I would like to understand a bit more about how the shadow page table mechanism works in a VMM. Is my high level understanding above correct? If so,
What kind of data structures are used in the implementation of shadow page tables?
What is the flow of control from the guest operating system to the hardware?
Short of straight up reading the source code of an open source VMM, what resources can I look into to learn more about hardware virtualization?
Here is what I can tell. Please correct me if I am wrong. Shadow page table is created and maintained by Hypervisor/VMM. It is the table which contains guest virtual addresses and machine physical addresses. Imagine without shadow page table, to get into machine physical address we have to first get virtual address then walk through the OS(guest) page table to get guest physical address, then we need to convert guest physical address into machine physical address. So here is what happening, see how one guest virtual address get translated into machine physical address under the senario of shadow page table:
First physical processor will see the virutal address, and its destination is to get machine physical address. The first thing it do is trying to look at TLB(Translation look aside buffer) if the entry is in TLB we are now get the machine address. This is the most simple case which we called a TLB hit case. There is no performance issue at all. It will run in what ever call a native speed.
If there is no entry in TLB, the processor will do a page table walk in shadow page table. Assuming that there is a corresponding mapping(Guest VA to Machine Physical address), the processor will insert the value in TLB then restart the execution and we are good to go this case. This is one other good case. It may take around 10 cycle to do a look up in shadow page table, so performance wise we dont have to worry much.
Processor is doing a look up in shadow page table and it could not find the entry. Well in this case as the look up is privilege there will be a fault. The VMM(Virtual Machine Monitor) will look up into the guest page table to resolve the issue. This case is a little complicate. Any way when the VMM walk through the guest page table there will be two possibilities.
In the case of the look up found the entry: When the look up found the entry, we can only walk in the guest page table to finally get guest physical address. Hey our target is to get the physical machine address. How do we get there. The monitor will take the guest physical address and will do the look up into their PMap table(or structure). If it found the entry, it will insert the value (basically guest virtal address, machine physical address) in to the shadow page table. Now we have the entry in shadow page table, we are good to go as when the processor restart the instruction it can get the mapping from the shadow page table. . Ah! forget to mention this case the monitor is doing a hidden page fault to resolve the issue by using PMap or PhysMap to get the corresponding machine physical address.

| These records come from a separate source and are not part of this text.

Lemma connect_restr_block (F : {set {set T}}) i x y : F \subset gE G -> i < k ->
  x \in V i -> y \in V i -> connect (adj F) x y -> connect (adj (F :&: E i)) x y.
Proof.
move=> FG ik xi yi /(connect_map (f := retract i) (e' := adj (F :&: E i))).
rewrite /retract xi yi; apply=> u v Fuv.
have /serial_E[j jk Ej_uv] := subsetP FG _ Fuv.
have [uj vj] := adj_mem (wf_block jk) Ej_uv.
have [eq_ji|ne_ji] := eqVneq j i; last first.
  by left; rewrite -/(retract i u) -/(retract i v) !(retract_block ik jk ne_ji).
by right; rewrite -eq_ji uj vj /adj inE; apply/andP.
Qed.

Lemma spanning_tree_restr Y i :
  spanning_tree G Y -> i < k -> spanning_tree (Gs i) (restr (Gs i) Y).
Proof.
case=> YV YE [Yconn Yacyc] ik; split=> //; first exact: subsetIr.
split; last exact: acyclic_sub (subsetIl _ _) Yacyc.
move=> x y /= xi yi; apply: connect_restr_block => //.
by apply: Yconn; rewrite YV; apply/serial_V; exists i.
Qed.

Lemma blocks_edge_disjoint i j ed :
  i < k -> j < k -> i != j -> ed \in E i -> ed \in E j -> False.
Proof.
move=> ik jk ij /(wf_block ik)[x [y [xy -> xi yi]]] Ej.
have [xj yj] := adj_mem (wf_block jk) Ej.
by move: xy; rewrite (blocks_meet_eq ik jk ij xi xj yi yj) eqxx.
Qed.

Section BlockSubgraphs.
Variable f : nat -> graph T.
Hypothesis f_sub : forall i, i < k -> gE (f i) \subset E i.

Lemma gunion_blockE i : i < k -> gE (gunion k f) :&: E i = gE (f i).
Proof.
move=> ik; apply/setP => ed; rewrite inE; apply/andP/idP => [[/mem_gunionE[j jk fj] ei]|fi].
  have [<- //|ji] := eqVneq j i.
  by case: (blocks_edge_disjoint jk ik ji (subsetP (f_sub jk) _ fj) ei).
by split; [apply/mem_gunionE; exists i | apply: (subsetP (f_sub ik))].
Qed.

Lemma gunion_subE_serial : gE (gunion k f) \subset gE G.
Proof.
apply/subsetP => ed /mem_gunionE[i ik fi].
by apply/serial_E; exists i => //; apply: (subsetP (f_sub ik)).
Qed.

End BlockSubgraphs.

Section BlockSpanningTrees.
Variable f : nat -> graph T.
Hypothesis f_tree : forall i, i < k -> spanning_tree (Gs i) (f i).

Let f_V i : i < k -> gV (f i) = V i. Proof. by case/f_tree. Qed.
Let f_sub i : i < k -> gE (f i) \subset E i. Proof. by case/f_tree. Qed.
(* In the SIS model under multi-layer Markovian mobility described in the context, with every generator matrix $Q^\alpha$ irreducible (every mobility digraph strongly connected), consider a solution with $\boldsymbol x(0)\gg\boldsymbol 0$ and $\boldsymbol p(0)\in[0,1]^{nm}$. If $p^\alpha_i(t)\to 0$ as $t\to\infty$ for some $i\in\{1,\dots,n\}$ and some $\alpha\in\{1,\dots,m\}$, then $\boldsymbol p(t)\to\boldsymbol 0$ as $t\to\infty$.
   Context: Setting: $n$ patches and $m$ classes. For each class $\alpha$, $Q^\alpha=(q^\alpha_{ij})$ is a continuous-time Markov chain generator on $\{1,\dots,n\}$ ($q^\alpha_{ij}\ge0$ for $i\ne j$ is the rate from $i$ to $j$, $q^\alpha_{ii}=-\sum_{j\ne i}q^\alpha_{ij}$). $x^\alpha_i>0$ is the number of class-$\alpha$ individuals at node $i$, $p^\alpha_i$ the infected fraction of class $\alpha$ at node $i$; $\boldsymbol x,\boldsymbol p\in\mathbb R^{nm}$ stack these class by class, and $P=\operatorname{diag}(\boldsymbol p)$. Node $i$ has infection rate $\beta_i>0$ and recovery rate $\delta_i\ge0$; $B$ and $D$ are $nm\times nm$ block-diagonal with $m$ identical blocks $\operatorname{diag}(\beta_1,\dots,\beta_n)$ and $\operatorname{diag}(\delta_1,\dots,\delta_n)$. $L(\boldsymbol x)$ is block-diagonal with blocks $L^\alpha(\boldsymbol x)$: $l^\alpha_{ii}=\sum_{j\ne i}q^\alpha_{ji}x^\alpha_j/x^\alpha_i$, $l^\alpha_{ij}=-q^\alpha_{ji}x^\alpha_j/x^\alpha_i$ ($i\ne j$). With $f^\alpha_i(\boldsymbol x)=x^\alpha_i/\sum_\gamma x^\gamma_i$, $F^\alpha=\operatorname{diag}(f^\alpha_1,\dots,f^\alpha_n)$, $\bar F=[F^1,\dots,F^m]$, $F(\boldsymbol x)$ is $m$ copies of $\bar F(\boldsymbol x)$ stacked vertically. Dynamics: $\dot{\boldsymbol p}=(BF(\boldsymbol x)-D-L(\boldsymbol x))\boldsymbol p-PBF(\boldsymbol x)\boldsymbol p$, $\dot{\boldsymbol x}^\alpha=(Q^\alpha)^\top\boldsymbol x^\alpha$. Componentwise, $\dot p^\alpha_i=-\delta_ip^\alpha_i+\beta_i\bar p_i(1-p^\alpha_i)-l^\alpha_{ii}p^\alpha_i-\sum_{j\ne i}l^\alpha_{ij}p^\alpha_j$ with $\bar p_i=\sum_\alpha f^\alpha_ip^\alpha_i$. *)

From mathcomp Require Import all_boot all_order all_algebra.
From mathcomp Require Import all_classical all_reals all_analysis.
Set Implicit Arguments. Unset Strict Implicit. Unset Printing Implicit Defensive.
Import Order.TTheory GRing.Theory Num.Theory.
Import numFieldNormedType.Exports.
Local Open Scope classical_set_scope.
Local Open Scope ring_scope.

Definition generator (R : realType) (n : nat) (Q : 'M[R]_n) : Prop :=
  (forall i j : 'I_n, i != j -> 0 <= Q i j) /\
  (forall i : 'I_n, Q i i = - \sum_(j < n | j != i) Q i j).

Definition irreducible_gen (R : realType) (n : nat) (Q : 'M[R]_n) : Prop :=
  forall i j : 'I_n, connect (fun a b : 'I_n => (a != b) && (0 < Q a b)) i j.

(* States: x t a i = x^a_i(t), p t a i = p^a_i(t), classes a : 'I_m, nodes i : 'I_n. *)

Definition frac (R : realType) (m n : nat) (x : 'I_m -> 'I_n -> R)
  (a : 'I_m) (i : 'I_n) : R := x a i / \sum_(g < m) x g i.

Definition pbar (R : realType) (m n : nat) (x p : 'I_m -> 'I_n -> R)
  (i : 'I_n) : R := \sum_(a < m) frac x a i * p a i.

Definition Lmat (R : realType) (m n : nat) (Q : 'I_m -> 'M[R]_n)
  (x : 'I_m -> 'I_n -> R) (a : 'I_m) (i j : 'I_n) : R :=
  if i == j then \sum_(k < n | k != i) Q a k i * x a k / x a i
  else - (Q a j i * x a j / x a i).

Definition p_rhs (R : realType) (m n : nat) (Q : 'I_m -> 'M[R]_n)
  (beta delta : 'I_n -> R) (x p : 'I_m -> 'I_n -> R) (a : 'I_m) (i : 'I_n) : R :=
  - delta i * p a i + beta i * pbar x p i * (1 - p a i)
  - Lmat Q x a i i * p a i
  - \sum_(j < n | j != i) Lmat Q x a i j * p a j.

Definition x_rhs (R : realType) (m n : nat) (Q : 'I_m -> 'M[R]_n)
  (x : 'I_m -> 'I_n -> R) (a : 'I_m) (i : 'I_n) : R :=
  \sum_(j < n) Q a j i * x a j.

Definition is_solution (R : realType) (m n : nat) (Q : 'I_m -> 'M[R]_n)
  (beta delta : 'I_n -> R) (x p : R -> 'I_m -> 'I_n -> R) : Prop :=
  (forall a i, x s a i @[s --> 0^'+] --> x 0 a i) /\
  (forall a i, p s a i @[s --> 0^'+] --> p 0 a i) /\
  (forall (t : R) a i, 0 < t ->
     is_derive t 1 (fun s => x s a i) (x_rhs Q (x t) a i)) /\
  (forall (t : R) a i, 0 < t ->
     is_derive t 1 (fun s => p s a i) (p_rhs Q beta delta (x t) (p t) a i)).

From Pilot Require Import Defs.
From mathcomp Require Import all_boot all_order all_algebra.
From mathcomp Require Import all_classical all_reals all_analysis.
From mathcomp Require Import ring lra.
Set Implicit Arguments. Unset Strict Implicit. Unset Printing Implicit Defensive.
Import Order.TTheory GRing.Theory Num.Theory.
Import numFieldNormedType.Exports.
Local Open Scope classical_set_scope.
Local Open Scope ring_scope.

(* The mobility part is linear and decoupled from the epidemic.  By
   quasi-monotonicity x stays positive and p stays in [0, 1]; each class of x
   conserves its mass, and by irreducibility (walking along a simple
   path of at most n edges, one time unit per edge) x is eventually bounded
   between two positive constants.  Then every equation for p has bounded
   coefficients: p_i' >= -K p_i + C p_j whenever j feeds i (an edge j -> i of
   the mobility graph of the class, or any class j at the same node while
   p_i <= 1/2).  For such a pair, the variation of constants over one time unit
   gives p_j(t) <= const * p_i(t + 1), so p_i -> 0 forces p_j -> 0.  Starting
   from the given component, first all classes at that node, then all nodes
   along the strongly connected mobility graphs, tend to 0. *)

Section DifferentialInequalities.
Variable R : realType.
Implicit Types (y u v : R -> R) (s t : R).

Definition is_derive_pos y y' :=
  y s @[s --> 0^'+] --> y 0 /\ forall t, 0 < t -> is_derive t 1 y (y' t).

Lemma is_derive_continuous (f : R -> R) t df : is_derive t 1 f df ->
  {for t, continuous f}.
Proof. by move=> [df1 _]; apply: differentiable_continuous; apply/derivable1_diffP. Qed.

Lemma is_derive_pos_cont y y' t : is_derive_pos y y' -> 0 < t ->
  {for t, continuous y}.
Proof. by move=> [_ dy] /dy; exact: is_derive_continuous. Qed.

Lemma is_derive_pos_cvg_right y y' t : is_derive_pos y y' -> 0 <= t ->
  y s @[s --> t^'+] --> y t.
Proof.
move=> yy'; rewrite le_eqVlt => /predU1P[<-|t0]; first exact: yy'.1.
exact/cvg_at_right_filter/(is_derive_pos_cont yy' t0).
Qed.

Lemma is_derive_pos_cvg_left y y' t : is_derive_pos y y' -> 0 < t ->
  y s @[s --> t^'-] --> y t.
Proof. by move=> yy' t0; exact/cvg_at_left_filter/(is_derive_pos_cont yy' t0). Qed.

Lemma is_derive_pos_within y y' a b : is_derive_pos y y' -> 0 <= a -> a < b ->
  {within `[a, b], continuous y}.
Proof.
move=> yy' a0 ab; apply/continuous_within_itvP => //; split.
- move=> s; rewrite in_itv /= => /andP[aS _].
  exact: (is_derive_pos_cont yy' (le_lt_trans a0 aS)).
- exact: (is_derive_pos_cvg_right yy' a0).
- exact: (is_derive_pos_cvg_left yy' (le_lt_trans a0 ab)).
Qed.

Lemma is_derive_expRM d t :
  is_derive t 1 (fun s => expR (d * s)) (expR (d * t) * d).
Proof.
have dM : is_derive t 1 (fun s : R => d * s) d.
  by have := is_deriveZ d (is_derive_id t (1 : R)); rewrite /= scaler1.
exact: (is_derive1_comp (is_derive_expR (d * t)) dM).
Qed.

Lemma is_derive_posD_expR y y' e d : is_derive_pos y y' ->
  is_derive_pos (fun s => y s + e * expR (d * s))
                (fun s => y' s + e * (expR (d * s) * d)).
Proof.
move=> [y0 dy]; split; last first.
  by move=> t t0; exact: (is_deriveD (dy t t0) (is_deriveZ e (is_derive_expRM d t))).
apply: cvgD => //; apply: cvg_at_right_filter.
exact: is_derive_continuous (is_deriveZ e (is_derive_expRM d 0)).
Qed.

Lemma is_derive_pos_sum k (y y' : 'I_k -> R -> R) :
  (forall i, is_derive_pos (y i) (y' i)) ->
  is_derive_pos (fun s => \sum_(i < k) y i s) (fun s => \sum_(i < k) y' i s).
Proof.
move=> yy'; split.
  by apply: cvg_big => [|i _]; [exact: add_continuous|exact: (yy' i).1].
move=> t t0; rewrite [X in is_derive _ _ X](_ : _ = \sum_(i < k) y i).
  exact: is_derive_sum (fun i => (yy' i).2 t t0).
by apply/funext => s; rewrite fct_sumE.
Qed.

Lemma is_derive_pos_cstB y y' c : is_derive_pos y y' ->
  is_derive_pos (fun s => c - y s) (fun s => - y' s).
Proof.
move=> [y0 dy]; split; first by apply: cvgB => //; exact: cvg_cst.
move=> t t0; rewrite [X in is_derive _ _ X](_ : _ = cst c - y) //.
by have := is_deriveB (is_derive_cst c t 1) (dy t t0); rewrite sub0r.
Qed.

Lemma is_derive_le0_left_min (f : R -> R) (c e df : R) : 0 < e ->
  is_derive c 1 f df -> (forall s, c - e < s < c -> f c <= f s) -> df <= 0.
Proof.
move=> e0 [fd <-] fmin.
rewrite ['D_1 f c]cvg_at_leftE; last exact: fd.
apply: limr_le.
  rewrite -(cvg_at_leftE (fun h => h^-1 *: ((f \o shift c) _ - f c))) //.
  apply: cvg_trans fd; apply: cvg_app.
  move=> A [r r0 Ar]; exists r => // h hr hgt0; apply: Ar => //.
  exact/ltr0_neq0.
near=> h; apply: mulr_le0_ge0.
  by rewrite invr_le0; apply: ltW; near: h; exists 1 => /=.
rewrite subr_ge0 [_%:A]mulr1 /=; apply: fmin.
have h0 : h < 0 by near: h; exists 1 => //=.
have he : - e < h.
  near: h; exists e => //= s; rewrite /ball_ /= sub0r normrN.
  by move=> /ltr_normlP[] *; lra.
by apply/andP; split; lra.
Unshelve. all: by end_near. Qed.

In the case of the look up not found the entry the monitor(VMM) will inject a virtual guest page fault. Now inside the guest it see that there is a page fault. OS will come and resolve the issue. This can take thousand to hundred thousand cycle or more in case of the page was swap out to the disk by the guest. Now assuming that the OS(guest OS) resolve the issue. We can restart the 3.1 steps.
Well the whole flow is a little complicate. I hope you will understand the process. . Note: Shadow page table is implemented in a software like: VMware, Microsof. It is only used in Binary Translation Mode(BT). With Nested Page Table we dont need a shadow page table at all.
There are some issue with shadow page table.
We are rely on the guest to invalidate the TLB. The thing is we want to keep the consistence between the guest page table and the shadow page table. Imagine what happen if the guest is update the page table, what happen if the guest is switching the process. It has to switch the page table. In this case it has to inform the hardware hey I update entry in page table and I invalidate it.
Aggressive shadow page table caching is necessary: We need to cach the shadow page table. See what happen if guest doing context switch and we have a lot of guest processes. It has to inform the hardware that it has to change it shadow page table pointer. Every switch will flash the TLB. Traditionally we have a shadow page table for every running process but we dont have as many as shadow page table compare to the processes have it table.
Write protect to guest page table (another word is tracing) to see what happen incase of example the page got lock by operating system for some reason, we have to get inform.